I have been testing some code lately trying to understand javascript a little bit better. Then I came across the call() function wich I can't get to understand well.
I have the following code:
function hi(){
console.log("hi");
}
var bye = function(param, param2){
console.log(param);
console.log(param2);
console.log("bye");
}
If I call bye.call(hi(), 1, 2), I get hi 1 2 undefined
And if I call bye.cal(1,2), I get 2 undefined bye undefined
for which I understand the call() function first parameter has to be a function, followed by the amount of parameter my bye function accepts. But where is the last undefined coming from?
This first parameter doesn't have to be a function. The first parameter is the object to which the "this" variable is set to in the context of the function call.
var bye = function(param, param2){
console.log(param);
console.log(param2);
console.log("bye");
console.log(this.x)
}
t = {'x': 1};
bye.call(t, 1, 2);
And the console should show: 1, 2, "bye" and 1.
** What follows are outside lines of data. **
(* Let $E,F$ be PVMs on a finite-dimensional Hilbert space with $E\le F$, and let $\rho$ be a density operator commuting with $E$. Then $$D(\rho\|\mathcal E_F(\rho))\le\log w(E).$$
   Context: $D(\rho\|\sigma)=\mathrm{Tr}\rho(\log\rho-\log\sigma)$. For PVMs $E=\{E_i\}$, $F=\{F_j\}$, $E\le F$ means each $E_i$ is a sum of some $F_j$; $\rho$ commutes with $E$ if $\rho E_i=E_i\rho$ for all $i$; $w(E)=\sup_i\dim(\mathrm{range}\,E_i)$; $\mathcal E_F(\rho)=\sum_jF_j\rho F_j$. *)

From HB Require Import structures.
From mathcomp Require Import all_boot all_order all_algebra.
From mathcomp Require Import complex.
From mathcomp Require Import reals constructive_ereal exp.
From Stdlib Require Import ClassicalEpsilon.
Set Implicit Arguments. Unset Strict Implicit. Unset Printing Implicit Defensive.
Import Order.TTheory GRing.Theory Num.Theory.
Local Open Scope ring_scope.

Section QDefs.
Variables (R : realType) (n : nat).
Local Notation C := (R[i]).
Local Notation M := ('M[C]_n).

Definition adjmx (m p : nat) (A : 'M[C]_(m, p)) : 'M[C]_(p, m) :=
  (map_mx Num.conj A)^T.

Definition hermitian (A : M) : Prop := adjmx A = A.

Definition unitary (U : M) : Prop := U *m adjmx U = 1%:M.

Definition orth_proj (P : M) : Prop := P *m P = P /\ adjmx P = P.

Definition is_PVM (I : finType) (E : I -> M) : Prop :=
  (forall i, orth_proj (E i)) /\ \sum_(i : I) E i = 1%:M.

Definition pvm_le (I J : finType) (E : I -> M) (F : J -> M) : Prop :=
  forall i, exists S : {set J}, E i = \sum_(j in S) F j.

Definition psd (A : M) : Prop :=
  hermitian A /\ forall v : 'cV[C]_n, 0 <= (adjmx v *m A *m v) 0 0.

Definition density (rho : M) : Prop := psd rho /\ \tr rho = 1.

Definition commutes_with (I : finType) (rho : M) (E : I -> M) : Prop :=
  forall i, rho *m E i = E i *m rho.

Definition width (I : finType) (E : I -> M) : nat := \max_(i : I) \rank (E i).

Definition pinch (J : finType) (F : J -> M) (rho : M) : M :=
  \sum_(j : J) F j *m rho *m F j.

Definition spectral (A U : M) (d : 'rV[R]_n) : Prop :=
  unitary U /\ A = U *m diag_mx (map_mx (fun x : R => (x%:C)%C) d) *m adjmx U.

(* functional calculus f(A) = U diag(f(d)) U^* for a (chosen) spectral
   decomposition of A; 0 if A has none (never happens for Hermitian A). *)
Definition mxfun (f : R -> R) (A : M) : M :=
  match excluded_middle_informative
          (exists p : M * 'rV[R]_n, spectral A p.1 p.2) with
  | left h =>
      let p := proj1_sig (constructive_indefinite_description _ h) in
      p.1 *m diag_mx (map_mx (fun x : R => ((f x)%:C)%C) p.2) *m adjmx p.1
  | right _ => 0
  end.

Definition mxlog (A : M) : M := mxfun (@ln R) A.

(* Umegaki relative entropy D(rho||sigma) = Tr rho (log rho - log sigma) if
   supp rho <= supp sigma (i.e. ker sigma <= ker rho), +oo otherwise. *)
Definition relent (rho sigma : M) : \bar R :=
  if (kermx sigma <= kermx rho)%MS
  then (complex.Re (\tr (rho *m (mxlog rho - mxlog sigma))))%:E
  else +oo%E.

End QDefs.

(* Diagonalise rho = sum_k la_k u_k u_k^* and sigma = E_F(rho) = sum_l mu_l v_l v_l^*.  Since
   log sigma commutes with every F_j, Tr rho log sigma = Tr sigma log sigma, so the relative
   entropy equals sum_k la_k ln la_k - sum_l mu_l ln mu_l.  The weights b_ik = <u_k, E_i u_k>
   and a_il = <v_l, E_i v_l> sum to 1 over i, sum_l a_il = rank E_i <= w(E), and both give the
   block E_i the same mass p_i = Tr E_i rho = Tr E_i sigma, because E <= F makes each E_i
   commute with the F_j.  As E_i commutes with rho, sum_k b_ik la_k^2 = Tr E_i rho^2 <= p_i^2,
   which with ln x <= x - 1 gives sum_k b_ik la_k ln la_k <= p_i ln p_i, while the log-sum
   inequality gives sum_l a_il mu_l ln mu_l >= p_i ln (p_i / w(E)).  Summing over i leaves
   ln w(E).  The support condition ker sigma <= ker rho follows by writing rho = S^* S. *)

From Pilot Require Import Defs.
From HB Require Import structures.
From mathcomp Require Import all_boot all_order all_algebra.
From mathcomp Require Import complex.
From mathcomp Require Import reals constructive_ereal exp.
From mathcomp Require Import sesquilinear spectral.
From mathcomp Require Import ring.
From Stdlib Require Import ClassicalEpsilon.
Set Implicit Arguments. Unset Strict Implicit. Unset Printing Implicit Defensive.
Import Order.TTheory GRing.Theory Num.Theory.
Local Open Scope ring_scope.

Local Notation diagR d := (diag_mx (map_mx (fun x => (x%:C)%C) d)).
Local Notation diagf f d := (diag_mx (map_mx (fun x => ((f x)%:C)%C) d)).

Section EntropyInequalities.
Variable R : realType.

Lemma ln_le_subr1 (x : R) : 0 < x -> ln x <= x - 1.
Proof.
move=> x_gt0; have := @le_ln1Dx R (x - 1).
by rewrite addrCA subrr addr0; apply; rewrite ltrBrDl subrr.
Qed.

Lemma weighted_xlnx_le (K : finType) (b la : K -> R) :
  (forall k, 0 <= b k) -> (forall k, 0 <= la k) ->
  \sum_k b k * la k ^+ 2 <= (\sum_k b k * la k) ^+ 2 ->
  \sum_k b k * la k * ln (la k) <= (\sum_k b k * la k) * ln (\sum_k b k * la k).
Proof.
move=> b_ge0 la_ge0; set p := \sum_k b k * la k => sq_le.
have bla_ge0 k : 0 <= b k * la k by rewrite mulr_ge0.
have [p0|p_neq0] := eqVneq p 0.
  rewrite p0 mul0r big1 // => k _.
  by rewrite (psumr_eq0P (fun k _ => bla_ge0 k) p0) ?mul0r.
have p_gt0 : 0 < p by rewrite lt_def p_neq0 sumr_ge0.
rewrite -subr_le0 {1}/p mulr_suml -sumrB.
apply: le_trans (_ : \sum_k (b k * la k ^+ 2 / p - b k * la k) <= 0).
  apply: ler_sum => k _; rewrite -mulrBr.
  have [->|la_neq0] := eqVneq (la k) 0; first by rewrite expr0n !(mulr0, mul0r) subrr.
  have la_gt0 : 0 < la k by rewrite lt_def la_neq0 la_ge0.
  rewrite -ln_div ?posrE //.
  apply: le_trans (ler_wpM2l (bla_ge0 k) (ln_le_subr1 (divr_gt0 la_gt0 p_gt0))) _.
  by rewrite mulrBr mulr1 expr2 !mulrA.
by rewrite sumrB -mulr_suml subr_le0 ler_pdivrMr // -expr2.
Qed.

Lemma log_sum_le (L : finType) (a mu : L -> R) (w : R) :
  (forall l, 0 <= a l) -> (forall l, 0 <= mu l) -> \sum_l a l <= w ->
  (\sum_l a l * mu l) * (ln (\sum_l a l * mu l) - ln w) <=
    \sum_l a l * mu l * ln (mu l).
Proof.
move=> a_ge0 mu_ge0 r_le_w; set p := \sum_l a l * mu l; set r := \sum_l a l in r_le_w.
have amu_ge0 l : 0 <= a l * mu l by rewrite mulr_ge0.
have [p0|p_neq0] := eqVneq p 0.
  rewrite p0 mul0r big1 // => l _.
  by rewrite (psumr_eq0P (fun l _ => amu_ge0 l) p0) ?mul0r.
have p_gt0 : 0 < p by rewrite lt_def p_neq0 sumr_ge0.
have r_gt0 : 0 < r.
  rewrite lt_def sumr_ge0 // andbT; apply: contraTneq p_gt0 => r0.
  rewrite /p big1 ?ltxx // => l _.
  by rewrite (psumr_eq0P (fun l _ => a_ge0 l) r0) ?mul0r.
have ln_r_le : ln r <= ln w by rewrite ler_ln ?posrE // (lt_le_trans r_gt0).
apply: le_trans (_ : p * (ln p - ln r) <= _).
  by rewrite ler_pM2l // lerD2l lerN2.
rewrite -subr_le0 {1}/p mulr_suml -sumrB.
apply: le_trans (_ : \sum_l (a l * p / r - a l * mu l) <= 0).
  apply: ler_sum => l _; rewrite -mulrBr.
  have [->|mu_neq0] := eqVneq (mu l) 0.
    by rewrite !(mulr0, mul0r) subr0 divr_ge0 ?mulr_ge0 // ltW.
  have mu_gt0 : 0 < mu l by rewrite lt_def mu_neq0 mu_ge0.
  rewrite -!ln_div ?posrE ?divr_gt0 //.
  apply: le_trans (ler_wpM2l (amu_ge0 l) (ln_le_subr1 _)) _; first by rewrite !divr_gt0.
  by rewrite mulrBr mulr1 lerD2r mulrAC -mulrA divfK ?gt_eqF // mulrA.
by rewrite sumrB -!mulr_suml -/p -/r subr_le0 mulrC mulrA mulVf ?gt_eqF // mul1r.
Qed.

Lemma entropy_gap_le_ln (I K L : finType) (la : K -> R) (mu : L -> R)
    (b : I -> K -> R) (a : I -> L -> R) (w : R) :
  (forall k, 0 <= la k) -> (forall l, 0 <= mu l) ->
  (forall i k, 0 <= b i k) -> (forall i l, 0 <= a i l) ->
  (forall k, \sum_i b i k = 1) -> (forall l, \sum_i a i l = 1) ->
  \sum_k la k = 1 ->
  (forall i, \sum_l a i l * mu l = \sum_k b i k * la k) ->
  (forall i, \sum_k b i k * la k ^+ 2 <= (\sum_k b i k * la k) ^+ 2) ->
  (forall i, \sum_l a i l <= w) ->
  \sum_k la k * ln (la k) - \sum_l mu l * ln (mu l) <= ln w.
Proof.
move=> la_ge0 mu_ge0 b_ge0 a_ge0 b_sum1 a_sum1 la_sum1 same_mass b_conc a_le_w.
pose p i := \sum_k b i k * la k.
have p_sum1 : \sum_i p i = 1.
  rewrite exchange_big -la_sum1; apply: eq_bigr => k _.
  by rewrite -mulr_suml b_sum1 mul1r.
have la_split : \sum_k la k * ln (la k) = \sum_i \sum_k b i k * la k * ln (la k).
  rewrite exchange_big; apply: eq_bigr => k _.
  by rewrite -!mulr_suml b_sum1 mul1r.
have mu_split : \sum_l mu l * ln (mu l) = \sum_i \sum_l a i l * mu l * ln (mu l).
  rewrite exchange_big; apply: eq_bigr => l _.
  by rewrite -!mulr_suml a_sum1 mul1r.
rewrite la_split mu_split.
apply: le_trans (_ : \sum_i p i * ln (p i) - \sum_i p i * (ln (p i) - ln w) <= _).
  apply: lerB; apply: ler_sum => i _; first exact: weighted_xlnx_le.
  by rewrite /p -same_mass; apply: log_sum_le.
rewrite -sumrB (eq_bigr (fun i => p i * ln w)) => [|i _]; last by rewrite mulrBr subKr.
by rewrite -mulr_suml p_sum1 mul1r.
Qed.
The undefined is the return value of your function.
In your first call:
bye.call(hi(), 1, 2)
You're calling hi() (so it prints 'hi'), the return value is not used, and 1 and 2 are the parameters to bye.
In your second call:
bye.cal(1,2)
1 is assigned to this. 2 is param, and param2 is undefined.
You are getting the undefined because you function does not return anything, it only prints output to the screen. So, your code could be like this:
var obj = {foo: "hi"};
var bye = function(param, param2){
console.log(this.foo);
console.log(param);
console.log(param2);
}
bye.call(obj, 1, 2) // "hi", 1, 2
You can read here at MDN for more info on .call().
fn.call() allows you to set the value that this will have when the function is called. That value of this must be the first argument to fn.call().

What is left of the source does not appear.